__TO DO__:
Each line in the records below, from the one that contains "- exact: (e_lt_y2" to the one that contains "- move=> E1;", should be reproduced exactly, the first and last included.
DATA FOR THIS TASK section start
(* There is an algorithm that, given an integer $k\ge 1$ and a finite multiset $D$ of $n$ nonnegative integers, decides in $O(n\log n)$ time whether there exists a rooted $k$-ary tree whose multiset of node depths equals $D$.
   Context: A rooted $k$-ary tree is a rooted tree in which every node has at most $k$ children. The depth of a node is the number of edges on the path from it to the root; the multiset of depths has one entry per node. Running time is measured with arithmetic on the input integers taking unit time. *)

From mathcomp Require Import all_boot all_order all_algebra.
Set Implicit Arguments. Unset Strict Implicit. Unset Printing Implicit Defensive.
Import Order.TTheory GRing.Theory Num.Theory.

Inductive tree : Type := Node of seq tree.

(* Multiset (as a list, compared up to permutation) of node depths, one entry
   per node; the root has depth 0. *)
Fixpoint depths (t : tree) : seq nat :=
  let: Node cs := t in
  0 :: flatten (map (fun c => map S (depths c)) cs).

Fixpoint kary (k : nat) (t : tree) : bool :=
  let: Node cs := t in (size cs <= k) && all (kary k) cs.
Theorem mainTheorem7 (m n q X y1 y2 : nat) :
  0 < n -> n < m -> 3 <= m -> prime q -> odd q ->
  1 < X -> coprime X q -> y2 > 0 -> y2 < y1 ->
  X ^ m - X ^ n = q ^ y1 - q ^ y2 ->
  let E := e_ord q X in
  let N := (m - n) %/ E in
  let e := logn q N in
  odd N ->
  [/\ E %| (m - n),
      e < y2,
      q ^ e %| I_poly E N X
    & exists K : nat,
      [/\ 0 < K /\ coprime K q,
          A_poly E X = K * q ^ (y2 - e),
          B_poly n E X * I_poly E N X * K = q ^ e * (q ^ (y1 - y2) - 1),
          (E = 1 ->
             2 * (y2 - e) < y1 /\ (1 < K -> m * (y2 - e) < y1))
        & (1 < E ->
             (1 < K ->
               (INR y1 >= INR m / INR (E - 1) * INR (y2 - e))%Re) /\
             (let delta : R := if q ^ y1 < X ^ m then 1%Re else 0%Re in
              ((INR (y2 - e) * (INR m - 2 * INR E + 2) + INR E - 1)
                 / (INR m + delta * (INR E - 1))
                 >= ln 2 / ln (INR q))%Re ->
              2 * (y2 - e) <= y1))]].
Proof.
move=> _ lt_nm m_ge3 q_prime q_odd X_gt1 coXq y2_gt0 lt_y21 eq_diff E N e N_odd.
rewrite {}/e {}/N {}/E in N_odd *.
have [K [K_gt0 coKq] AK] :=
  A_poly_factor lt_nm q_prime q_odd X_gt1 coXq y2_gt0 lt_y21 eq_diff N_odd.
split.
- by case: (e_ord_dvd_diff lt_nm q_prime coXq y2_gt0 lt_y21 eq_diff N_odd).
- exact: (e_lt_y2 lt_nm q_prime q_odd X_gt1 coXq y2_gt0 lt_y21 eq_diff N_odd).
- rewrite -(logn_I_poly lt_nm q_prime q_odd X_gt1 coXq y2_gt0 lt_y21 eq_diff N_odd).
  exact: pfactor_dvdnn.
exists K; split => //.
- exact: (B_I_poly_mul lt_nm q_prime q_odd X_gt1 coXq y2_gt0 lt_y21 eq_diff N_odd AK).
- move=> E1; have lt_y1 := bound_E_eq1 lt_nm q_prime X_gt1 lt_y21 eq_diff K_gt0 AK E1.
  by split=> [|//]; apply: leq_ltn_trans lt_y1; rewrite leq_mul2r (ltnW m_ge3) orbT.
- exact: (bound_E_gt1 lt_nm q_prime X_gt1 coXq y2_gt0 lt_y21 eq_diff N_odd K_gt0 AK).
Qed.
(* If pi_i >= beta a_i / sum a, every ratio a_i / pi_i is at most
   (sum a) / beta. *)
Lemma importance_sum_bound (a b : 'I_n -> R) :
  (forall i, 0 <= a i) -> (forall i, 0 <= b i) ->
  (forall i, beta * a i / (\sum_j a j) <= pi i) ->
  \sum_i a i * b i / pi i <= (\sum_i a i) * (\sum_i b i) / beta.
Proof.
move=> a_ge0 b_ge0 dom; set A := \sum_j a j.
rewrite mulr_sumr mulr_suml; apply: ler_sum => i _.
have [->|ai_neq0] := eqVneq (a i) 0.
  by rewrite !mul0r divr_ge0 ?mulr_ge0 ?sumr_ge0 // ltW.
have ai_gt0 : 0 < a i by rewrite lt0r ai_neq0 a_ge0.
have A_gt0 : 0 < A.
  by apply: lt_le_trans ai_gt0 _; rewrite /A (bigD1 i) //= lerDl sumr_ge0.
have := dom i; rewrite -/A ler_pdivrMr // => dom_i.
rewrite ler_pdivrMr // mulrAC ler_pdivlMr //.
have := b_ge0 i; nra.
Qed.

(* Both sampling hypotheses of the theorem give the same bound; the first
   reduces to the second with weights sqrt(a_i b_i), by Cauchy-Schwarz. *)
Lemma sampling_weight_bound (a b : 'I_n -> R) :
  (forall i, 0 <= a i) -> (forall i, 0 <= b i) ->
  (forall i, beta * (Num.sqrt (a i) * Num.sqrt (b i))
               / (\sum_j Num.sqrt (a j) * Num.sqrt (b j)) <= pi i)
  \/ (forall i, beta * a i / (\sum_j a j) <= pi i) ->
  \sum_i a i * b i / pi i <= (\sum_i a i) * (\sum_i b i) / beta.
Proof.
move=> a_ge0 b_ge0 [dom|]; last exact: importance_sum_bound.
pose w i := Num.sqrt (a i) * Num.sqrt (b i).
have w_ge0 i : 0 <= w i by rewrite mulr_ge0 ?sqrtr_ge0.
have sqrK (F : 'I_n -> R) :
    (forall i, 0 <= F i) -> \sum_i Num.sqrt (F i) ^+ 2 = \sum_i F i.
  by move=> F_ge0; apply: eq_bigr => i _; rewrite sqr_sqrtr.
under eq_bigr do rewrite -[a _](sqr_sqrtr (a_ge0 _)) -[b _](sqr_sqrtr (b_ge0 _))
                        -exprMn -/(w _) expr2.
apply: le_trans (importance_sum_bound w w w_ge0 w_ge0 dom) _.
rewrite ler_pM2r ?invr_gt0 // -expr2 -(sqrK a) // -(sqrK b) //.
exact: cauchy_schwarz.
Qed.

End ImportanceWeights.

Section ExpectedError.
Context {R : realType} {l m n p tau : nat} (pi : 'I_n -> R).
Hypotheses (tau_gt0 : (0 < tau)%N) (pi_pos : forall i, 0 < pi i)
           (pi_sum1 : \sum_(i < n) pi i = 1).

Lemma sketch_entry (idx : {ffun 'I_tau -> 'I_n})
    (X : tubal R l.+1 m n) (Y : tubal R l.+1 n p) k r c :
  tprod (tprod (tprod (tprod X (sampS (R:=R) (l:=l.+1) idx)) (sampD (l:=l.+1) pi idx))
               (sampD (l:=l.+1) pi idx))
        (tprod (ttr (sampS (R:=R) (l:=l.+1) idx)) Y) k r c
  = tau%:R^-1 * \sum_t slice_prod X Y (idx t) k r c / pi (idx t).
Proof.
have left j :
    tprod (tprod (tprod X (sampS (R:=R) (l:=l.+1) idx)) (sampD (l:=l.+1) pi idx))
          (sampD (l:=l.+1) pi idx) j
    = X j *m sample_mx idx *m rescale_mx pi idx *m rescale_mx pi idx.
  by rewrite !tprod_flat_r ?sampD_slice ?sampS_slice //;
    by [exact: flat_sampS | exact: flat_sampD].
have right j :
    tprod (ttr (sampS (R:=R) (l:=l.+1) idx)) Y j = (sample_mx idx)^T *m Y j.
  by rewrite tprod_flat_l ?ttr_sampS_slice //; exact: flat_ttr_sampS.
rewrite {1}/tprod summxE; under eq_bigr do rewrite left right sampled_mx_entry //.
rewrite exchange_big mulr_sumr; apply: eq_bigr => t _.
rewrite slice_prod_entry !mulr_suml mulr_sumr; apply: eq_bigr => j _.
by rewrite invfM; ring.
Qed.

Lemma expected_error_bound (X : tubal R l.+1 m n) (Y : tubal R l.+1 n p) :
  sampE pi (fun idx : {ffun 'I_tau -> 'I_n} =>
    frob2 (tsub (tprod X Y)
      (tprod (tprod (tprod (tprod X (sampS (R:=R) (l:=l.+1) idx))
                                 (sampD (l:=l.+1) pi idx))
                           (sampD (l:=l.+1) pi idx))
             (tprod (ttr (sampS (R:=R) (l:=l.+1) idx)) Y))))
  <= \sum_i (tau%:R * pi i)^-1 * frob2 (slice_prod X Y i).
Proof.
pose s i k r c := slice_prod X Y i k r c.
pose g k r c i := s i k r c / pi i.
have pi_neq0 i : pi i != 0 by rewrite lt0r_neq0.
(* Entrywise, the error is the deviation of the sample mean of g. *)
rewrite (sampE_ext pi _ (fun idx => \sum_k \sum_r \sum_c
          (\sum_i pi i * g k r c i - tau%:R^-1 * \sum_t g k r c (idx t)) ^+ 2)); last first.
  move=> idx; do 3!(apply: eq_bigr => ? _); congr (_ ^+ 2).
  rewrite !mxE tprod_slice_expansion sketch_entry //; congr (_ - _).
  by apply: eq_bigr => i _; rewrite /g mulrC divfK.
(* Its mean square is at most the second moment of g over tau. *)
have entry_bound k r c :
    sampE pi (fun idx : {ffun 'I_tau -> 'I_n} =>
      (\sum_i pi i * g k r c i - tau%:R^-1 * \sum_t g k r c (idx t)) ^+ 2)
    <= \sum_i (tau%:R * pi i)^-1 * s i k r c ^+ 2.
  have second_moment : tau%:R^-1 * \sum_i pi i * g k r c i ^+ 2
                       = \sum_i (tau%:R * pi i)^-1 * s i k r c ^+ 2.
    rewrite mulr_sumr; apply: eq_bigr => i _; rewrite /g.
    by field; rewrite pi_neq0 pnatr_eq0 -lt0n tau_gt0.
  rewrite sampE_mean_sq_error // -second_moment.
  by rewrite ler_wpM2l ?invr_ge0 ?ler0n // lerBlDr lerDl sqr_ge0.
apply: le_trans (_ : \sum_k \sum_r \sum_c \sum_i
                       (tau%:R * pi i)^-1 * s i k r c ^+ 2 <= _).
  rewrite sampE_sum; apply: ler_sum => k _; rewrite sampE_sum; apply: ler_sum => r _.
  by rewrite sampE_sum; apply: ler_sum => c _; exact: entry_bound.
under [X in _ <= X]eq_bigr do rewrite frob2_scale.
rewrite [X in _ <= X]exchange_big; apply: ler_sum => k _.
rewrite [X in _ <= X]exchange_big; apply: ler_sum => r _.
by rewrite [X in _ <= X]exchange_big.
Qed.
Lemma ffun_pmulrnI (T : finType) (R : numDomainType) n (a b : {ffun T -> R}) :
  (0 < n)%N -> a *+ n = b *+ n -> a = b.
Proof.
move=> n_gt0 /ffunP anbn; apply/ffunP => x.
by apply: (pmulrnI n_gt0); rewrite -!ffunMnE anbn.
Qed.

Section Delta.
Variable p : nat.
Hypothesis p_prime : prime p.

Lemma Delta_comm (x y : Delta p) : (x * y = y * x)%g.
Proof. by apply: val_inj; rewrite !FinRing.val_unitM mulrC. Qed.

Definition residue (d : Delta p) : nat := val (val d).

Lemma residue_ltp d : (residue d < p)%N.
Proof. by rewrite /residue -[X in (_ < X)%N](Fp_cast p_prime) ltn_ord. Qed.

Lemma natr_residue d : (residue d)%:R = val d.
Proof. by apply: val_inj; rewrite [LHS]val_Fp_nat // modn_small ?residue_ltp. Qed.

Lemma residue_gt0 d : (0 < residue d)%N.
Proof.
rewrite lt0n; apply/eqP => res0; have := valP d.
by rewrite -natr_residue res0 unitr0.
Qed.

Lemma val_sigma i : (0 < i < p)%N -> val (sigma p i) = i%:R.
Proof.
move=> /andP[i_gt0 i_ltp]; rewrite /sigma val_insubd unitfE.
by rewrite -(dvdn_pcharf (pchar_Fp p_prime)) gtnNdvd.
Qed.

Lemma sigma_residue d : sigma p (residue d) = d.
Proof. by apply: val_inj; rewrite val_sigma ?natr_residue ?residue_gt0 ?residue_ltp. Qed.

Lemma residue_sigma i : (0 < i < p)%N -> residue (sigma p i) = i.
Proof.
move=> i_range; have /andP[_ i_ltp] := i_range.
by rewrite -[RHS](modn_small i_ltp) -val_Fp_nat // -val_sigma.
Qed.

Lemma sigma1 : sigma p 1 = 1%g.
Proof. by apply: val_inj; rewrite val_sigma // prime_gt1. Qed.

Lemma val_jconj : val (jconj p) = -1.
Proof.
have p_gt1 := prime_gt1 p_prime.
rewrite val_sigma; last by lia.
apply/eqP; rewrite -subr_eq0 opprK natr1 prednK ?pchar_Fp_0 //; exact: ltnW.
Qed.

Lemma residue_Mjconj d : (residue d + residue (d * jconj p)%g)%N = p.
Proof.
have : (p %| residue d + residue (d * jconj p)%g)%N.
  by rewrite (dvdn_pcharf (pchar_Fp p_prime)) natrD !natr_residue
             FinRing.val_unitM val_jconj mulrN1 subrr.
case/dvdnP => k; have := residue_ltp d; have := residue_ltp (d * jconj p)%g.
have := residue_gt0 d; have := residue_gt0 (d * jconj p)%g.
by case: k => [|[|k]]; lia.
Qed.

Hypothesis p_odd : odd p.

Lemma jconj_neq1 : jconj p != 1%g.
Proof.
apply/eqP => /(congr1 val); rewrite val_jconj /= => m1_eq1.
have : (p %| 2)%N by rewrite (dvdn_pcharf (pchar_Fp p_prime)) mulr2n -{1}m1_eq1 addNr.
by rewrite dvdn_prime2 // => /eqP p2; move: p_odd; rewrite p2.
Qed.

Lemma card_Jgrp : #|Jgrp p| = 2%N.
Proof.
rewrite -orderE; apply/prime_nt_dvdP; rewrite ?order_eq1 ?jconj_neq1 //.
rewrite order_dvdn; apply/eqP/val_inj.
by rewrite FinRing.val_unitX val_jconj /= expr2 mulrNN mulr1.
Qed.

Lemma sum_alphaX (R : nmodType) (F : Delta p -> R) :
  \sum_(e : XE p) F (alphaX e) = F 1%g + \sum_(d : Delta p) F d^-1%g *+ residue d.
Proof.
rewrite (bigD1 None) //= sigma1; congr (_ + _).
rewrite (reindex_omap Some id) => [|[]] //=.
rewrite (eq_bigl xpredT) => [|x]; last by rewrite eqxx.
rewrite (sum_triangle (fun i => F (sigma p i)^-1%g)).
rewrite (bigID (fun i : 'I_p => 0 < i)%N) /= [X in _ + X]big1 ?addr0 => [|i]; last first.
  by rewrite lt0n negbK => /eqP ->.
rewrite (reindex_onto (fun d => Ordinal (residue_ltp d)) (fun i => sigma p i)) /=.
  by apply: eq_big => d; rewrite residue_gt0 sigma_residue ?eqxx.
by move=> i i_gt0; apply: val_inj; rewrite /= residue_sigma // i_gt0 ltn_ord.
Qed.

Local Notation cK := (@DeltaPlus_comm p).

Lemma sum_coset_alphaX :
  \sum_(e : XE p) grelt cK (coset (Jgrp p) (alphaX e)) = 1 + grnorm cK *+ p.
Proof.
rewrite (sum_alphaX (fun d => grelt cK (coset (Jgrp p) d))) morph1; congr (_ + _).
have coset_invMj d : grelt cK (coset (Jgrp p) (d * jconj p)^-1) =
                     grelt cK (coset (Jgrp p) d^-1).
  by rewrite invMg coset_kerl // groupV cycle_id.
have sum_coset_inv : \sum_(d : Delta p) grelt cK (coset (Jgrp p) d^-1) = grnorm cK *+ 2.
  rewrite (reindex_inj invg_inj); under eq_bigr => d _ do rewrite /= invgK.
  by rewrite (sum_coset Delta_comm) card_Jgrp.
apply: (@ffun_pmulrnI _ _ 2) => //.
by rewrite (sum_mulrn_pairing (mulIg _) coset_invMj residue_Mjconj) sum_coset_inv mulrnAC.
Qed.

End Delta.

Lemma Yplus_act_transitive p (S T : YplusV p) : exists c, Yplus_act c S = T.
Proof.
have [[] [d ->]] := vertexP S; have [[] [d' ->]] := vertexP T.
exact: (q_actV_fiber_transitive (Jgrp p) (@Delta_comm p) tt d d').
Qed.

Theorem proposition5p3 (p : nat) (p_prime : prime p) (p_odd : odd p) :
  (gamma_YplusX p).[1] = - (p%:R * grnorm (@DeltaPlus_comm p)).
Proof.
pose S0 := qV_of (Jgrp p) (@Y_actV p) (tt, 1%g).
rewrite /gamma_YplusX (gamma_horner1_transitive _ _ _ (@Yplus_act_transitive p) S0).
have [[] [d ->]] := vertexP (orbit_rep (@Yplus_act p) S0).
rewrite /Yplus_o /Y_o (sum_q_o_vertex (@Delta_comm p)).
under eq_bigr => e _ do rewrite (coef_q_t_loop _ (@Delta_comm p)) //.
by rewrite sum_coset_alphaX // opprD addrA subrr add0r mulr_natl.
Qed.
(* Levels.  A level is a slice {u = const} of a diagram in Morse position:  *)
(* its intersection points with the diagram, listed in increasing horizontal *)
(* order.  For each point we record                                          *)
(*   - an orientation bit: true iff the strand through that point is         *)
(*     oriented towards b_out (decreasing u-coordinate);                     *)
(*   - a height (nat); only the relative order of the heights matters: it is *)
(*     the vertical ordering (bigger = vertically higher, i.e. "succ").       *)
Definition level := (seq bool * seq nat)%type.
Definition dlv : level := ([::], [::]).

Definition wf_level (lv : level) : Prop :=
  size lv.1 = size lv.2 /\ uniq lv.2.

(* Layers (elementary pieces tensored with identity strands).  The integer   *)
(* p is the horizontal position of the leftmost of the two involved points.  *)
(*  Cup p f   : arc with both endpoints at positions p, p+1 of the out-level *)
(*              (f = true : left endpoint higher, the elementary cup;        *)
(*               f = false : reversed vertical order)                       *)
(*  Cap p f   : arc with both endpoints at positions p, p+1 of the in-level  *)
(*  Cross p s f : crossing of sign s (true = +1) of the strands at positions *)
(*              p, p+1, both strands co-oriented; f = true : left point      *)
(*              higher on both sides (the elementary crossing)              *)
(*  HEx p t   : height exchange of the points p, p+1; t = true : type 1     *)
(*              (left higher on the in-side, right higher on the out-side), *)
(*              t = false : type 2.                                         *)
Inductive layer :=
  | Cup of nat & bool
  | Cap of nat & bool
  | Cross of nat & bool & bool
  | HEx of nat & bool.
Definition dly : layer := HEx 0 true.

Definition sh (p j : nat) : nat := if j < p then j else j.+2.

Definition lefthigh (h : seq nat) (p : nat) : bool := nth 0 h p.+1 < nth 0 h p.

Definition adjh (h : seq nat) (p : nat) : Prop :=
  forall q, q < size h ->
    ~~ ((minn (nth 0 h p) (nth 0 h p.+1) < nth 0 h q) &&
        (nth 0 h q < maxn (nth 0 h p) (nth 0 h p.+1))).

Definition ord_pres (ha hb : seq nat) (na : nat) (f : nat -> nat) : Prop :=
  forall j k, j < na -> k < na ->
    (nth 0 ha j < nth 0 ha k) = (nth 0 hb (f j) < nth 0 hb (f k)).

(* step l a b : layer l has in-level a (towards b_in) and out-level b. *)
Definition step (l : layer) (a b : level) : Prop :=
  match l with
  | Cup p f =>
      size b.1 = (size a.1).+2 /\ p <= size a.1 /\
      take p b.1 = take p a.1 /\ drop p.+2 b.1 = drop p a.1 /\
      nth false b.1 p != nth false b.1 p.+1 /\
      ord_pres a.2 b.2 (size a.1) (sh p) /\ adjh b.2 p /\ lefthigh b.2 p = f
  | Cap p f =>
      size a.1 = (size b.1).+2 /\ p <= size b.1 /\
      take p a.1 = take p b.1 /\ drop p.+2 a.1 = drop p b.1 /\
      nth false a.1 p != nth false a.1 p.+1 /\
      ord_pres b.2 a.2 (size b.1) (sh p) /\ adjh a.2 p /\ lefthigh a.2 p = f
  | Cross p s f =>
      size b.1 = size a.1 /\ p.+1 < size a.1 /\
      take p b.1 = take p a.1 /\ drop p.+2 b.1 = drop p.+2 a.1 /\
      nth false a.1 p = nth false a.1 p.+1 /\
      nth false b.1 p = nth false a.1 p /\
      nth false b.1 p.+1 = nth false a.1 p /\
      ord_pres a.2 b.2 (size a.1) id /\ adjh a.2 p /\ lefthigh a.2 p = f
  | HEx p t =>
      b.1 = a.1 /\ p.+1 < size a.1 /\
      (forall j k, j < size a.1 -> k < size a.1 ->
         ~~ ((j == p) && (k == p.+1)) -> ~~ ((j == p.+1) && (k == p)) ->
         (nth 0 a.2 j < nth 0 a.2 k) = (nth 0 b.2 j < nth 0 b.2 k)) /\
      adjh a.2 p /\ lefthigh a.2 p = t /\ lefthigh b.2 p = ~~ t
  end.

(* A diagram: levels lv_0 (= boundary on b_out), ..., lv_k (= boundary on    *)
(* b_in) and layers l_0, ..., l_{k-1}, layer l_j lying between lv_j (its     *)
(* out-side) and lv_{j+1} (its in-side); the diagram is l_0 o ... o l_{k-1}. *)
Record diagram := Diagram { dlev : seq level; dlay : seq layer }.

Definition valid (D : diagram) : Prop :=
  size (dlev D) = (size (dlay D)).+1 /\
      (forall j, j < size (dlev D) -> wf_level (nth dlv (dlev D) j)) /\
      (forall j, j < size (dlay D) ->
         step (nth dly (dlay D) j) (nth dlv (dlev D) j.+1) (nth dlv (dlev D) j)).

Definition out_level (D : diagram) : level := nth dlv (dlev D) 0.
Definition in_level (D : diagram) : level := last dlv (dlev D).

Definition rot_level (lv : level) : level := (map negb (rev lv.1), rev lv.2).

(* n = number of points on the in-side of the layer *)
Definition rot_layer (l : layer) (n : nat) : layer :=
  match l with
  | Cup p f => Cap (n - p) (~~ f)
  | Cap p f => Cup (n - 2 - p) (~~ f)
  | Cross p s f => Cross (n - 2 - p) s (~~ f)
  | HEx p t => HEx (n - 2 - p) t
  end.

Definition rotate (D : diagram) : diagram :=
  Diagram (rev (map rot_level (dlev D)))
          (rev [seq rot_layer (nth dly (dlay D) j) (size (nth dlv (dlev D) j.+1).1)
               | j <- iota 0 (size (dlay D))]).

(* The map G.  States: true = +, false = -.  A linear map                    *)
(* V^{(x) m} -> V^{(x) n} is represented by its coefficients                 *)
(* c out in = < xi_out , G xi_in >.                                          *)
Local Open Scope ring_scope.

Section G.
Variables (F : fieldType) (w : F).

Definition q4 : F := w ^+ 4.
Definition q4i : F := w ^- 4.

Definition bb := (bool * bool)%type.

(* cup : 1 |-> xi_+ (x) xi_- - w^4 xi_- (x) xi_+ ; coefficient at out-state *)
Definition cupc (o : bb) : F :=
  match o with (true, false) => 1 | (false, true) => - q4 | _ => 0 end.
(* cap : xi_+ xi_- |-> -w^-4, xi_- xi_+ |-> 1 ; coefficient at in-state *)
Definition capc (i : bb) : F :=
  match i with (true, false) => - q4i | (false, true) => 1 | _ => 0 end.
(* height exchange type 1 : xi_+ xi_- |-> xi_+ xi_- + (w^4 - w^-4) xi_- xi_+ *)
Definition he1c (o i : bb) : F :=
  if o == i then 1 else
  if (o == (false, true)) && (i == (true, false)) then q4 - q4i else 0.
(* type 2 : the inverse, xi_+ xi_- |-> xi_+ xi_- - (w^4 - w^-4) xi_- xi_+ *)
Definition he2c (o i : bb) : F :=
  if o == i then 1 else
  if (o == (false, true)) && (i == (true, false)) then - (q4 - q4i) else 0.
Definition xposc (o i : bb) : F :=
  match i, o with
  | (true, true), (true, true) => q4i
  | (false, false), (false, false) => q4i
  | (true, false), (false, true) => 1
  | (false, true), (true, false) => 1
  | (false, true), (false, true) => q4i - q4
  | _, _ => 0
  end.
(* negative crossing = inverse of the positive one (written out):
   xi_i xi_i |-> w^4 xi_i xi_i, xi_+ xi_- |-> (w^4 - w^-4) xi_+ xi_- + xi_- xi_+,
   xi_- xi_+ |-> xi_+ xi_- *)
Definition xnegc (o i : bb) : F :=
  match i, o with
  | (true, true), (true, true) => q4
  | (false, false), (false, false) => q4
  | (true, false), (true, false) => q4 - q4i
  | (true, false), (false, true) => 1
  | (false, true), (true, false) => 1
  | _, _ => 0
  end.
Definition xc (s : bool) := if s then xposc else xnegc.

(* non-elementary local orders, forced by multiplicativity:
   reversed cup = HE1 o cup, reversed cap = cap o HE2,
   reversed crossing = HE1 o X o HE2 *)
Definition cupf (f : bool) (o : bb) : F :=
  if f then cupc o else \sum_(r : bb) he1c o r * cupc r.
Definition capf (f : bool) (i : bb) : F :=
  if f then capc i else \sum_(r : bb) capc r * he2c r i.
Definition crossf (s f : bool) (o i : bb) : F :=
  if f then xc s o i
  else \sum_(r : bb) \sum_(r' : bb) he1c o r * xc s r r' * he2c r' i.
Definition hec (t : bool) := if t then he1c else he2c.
DATA FOR THIS TASK section end
__COMPLETED TASK__:
- exact: (e_lt_y2 lt_nm q_prime q_odd X_gt1 coXq y2_gt0 lt_y21 eq_diff N_odd).
- rewrite -(logn_I_poly lt_nm q_prime q_odd X_gt1 coXq y2_gt0 lt_y21 eq_diff N_odd).
  exact: pfactor_dvdnn.
exists K; split => //.
- exact: (B_I_poly_mul lt_nm q_prime q_odd X_gt1 coXq y2_gt0 lt_y21 eq_diff N_odd AK).
- move=> E1; have lt_y1 := bound_E_eq1 lt_nm q_prime X_gt1 lt_y21 eq_diff K_gt0 AK E1.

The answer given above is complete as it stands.